Architectural highlight

With a crowded field, this one is almost impossible to narrow down – but Agrasen Ki Baoli, the 10th century step well, is a real wonder. It is tucked away in a quiet lane in New Delhi and can be visited for free.

(Getty Images/iStockphoto)

Nuts and bolts

What currency do I need?

Indian rupees.

What language do they speak?

Hindi, Urdu and English, among others.

Should I tip?

Yes; 10 percent.

What is the time difference?

It is 4.5 or 5.5 hours ahead of the UK, depending on GMT or BST.

What is the average flight time from the UK?

Eight hours live.

How should I get around?

The city’s metro system is good and surprisingly cheap, but for a more panoramic view of the city, use Uber to flag you down in tuk tuks and zip off into the fresh air.

What is the best view?

Head to the top of the minaret of India’s largest mosque, the Jama Masjid in Old Delhi.

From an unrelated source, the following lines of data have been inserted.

(* Let $L$ be a non-degenerate real quadratic form on $\mathbb R^s$ and let $v,w\in Con_L$ with $b_L(v,w)\neq0$. Then the oriented distance between the horoballs $Hb_v$ and $Hb_w$ of $\mathcal P_s(L)$ equals $2\sqrt2\,\ln|b_L(v,w)|$, i.e. $$\inf_{Q\in\mathcal P_s(L),\ Q(w)\le1}\sqrt2\,\ln Q(v)=2\sqrt2\,\ln|b_L(v,w)|.$$
   Context: $b_L$ is the symmetric bilinear form with $L(x)=b_L(x,x)$; $Con_L=\{x:L(x)=0\}$. $\mathcal P_s(L)$ is the set of positive definite quadratic forms $Q$ on $\mathbb R^s$ such that in some basis $Q$ has matrix $\mathrm{Id}_s$ and $L$ has matrix $\mathrm{diag}(1,\dots,1,-1,\dots,-1)$. For nonzero $v\in Con_L$, $f_v(Q)=\sqrt2\ln Q(v)$ is a Busemann function on $\mathcal P_s(L)$ and $Hb_v=\{Q\in\mathcal P_s(L):f_v(Q)\le0\}$; the oriented distance from $Hb_v$ to $Hb_w$ is $\inf_{Q\in Hb_w}f_v(Q)$. *)

From HB Require Import structures.
From mathcomp Require Import all_boot all_order all_algebra.
From mathcomp Require Import all_classical all_reals.
From mathcomp Require Import ereal exp.
Set Implicit Arguments. Unset Strict Implicit. Unset Printing Implicit Defensive.
Import Order.TTheory GRing.Theory Num.Theory.
Local Open Scope ring_scope.

(* A quadratic form on R^s is represented by its symmetric Gram matrix A:
   qf A x = x^T A x, and bf A x y = x^T A y is the associated symmetric
   bilinear form (b_L(x,x) = L(x)). *)
Definition qf (R : realType) (s : nat) (A : 'M[R]_s) (x : 'cV[R]_s) : R :=
  (x^T *m A *m x) 0 0.
Definition bf (R : realType) (s : nat) (A : 'M[R]_s) (x y : 'cV[R]_s) : R :=
  (x^T *m A *m y) 0 0.

Definition symmetric_form (R : realType) (s : nat) (A : 'M[R]_s) : Prop :=
  A^T = A.

Definition nondeg_qf (R : realType) (s : nat) (A : 'M[R]_s) : Prop :=
  symmetric_form A /\ \det A != 0.

Definition pos_def (R : realType) (s : nat) (Q : 'M[R]_s) : Prop :=
  symmetric_form Q /\ forall x : 'cV[R]_s, x != 0 -> 0 < qf Q x.

Definition Con (R : realType) (s : nat) (L : 'M[R]_s) : set 'cV[R]_s :=
  [set x | qf L x = 0].

(* P_s(L): positive definite Q such that in some basis (columns of the
   invertible change-of-basis matrix P) Q has matrix Id_s and L has matrix
   diag(1,...,1,-1,...,-1) (p ones followed by s-p minus ones). *)
Definition Ps (R : realType) (s : nat) (L : 'M[R]_s) : set 'M[R]_s :=
  [set Q | pos_def Q /\
     exists (p : nat) (P : 'M[R]_s), P \in unitmx /\
       P^T *m Q *m P = 1%:M /\
       P^T *m L *m P = \matrix_(i < s, j < s)
                         (if i == j then (if (i < p)%N then 1 else -1) else 0)].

Entry is free but it’s £2 to take pictures – well worth it as the views from Chandi Chowk below are awe-inspiring.

Insider tip?

Dress appropriately for sightseeing (no shorts, vests, or sleeveless t-shirts) and wear shoes that are easy to slip on and off, so your attire doesn’t prevent you from entering temples and other religious buildings.

Getting There

Try to fly less?

In times without conflict and without Covid, it was possible to take the train from the UK to South Asia – but this involves going via Russia (which the Foreign Office advises against all travel) for the Trans-Siberian railway to China (not currently open to the British). To enter France by train, you can travel by freighter from Le Havre in France to Singapore and then take the train to Bangkok (via Kuala Lumpur and Penang in Malaysia), but getting between Bangkok and Delhi requires more than two days drive.

Good with flying?

Virgin Atlantic, British Airways and Air India all fly direct from the UK to Delhi.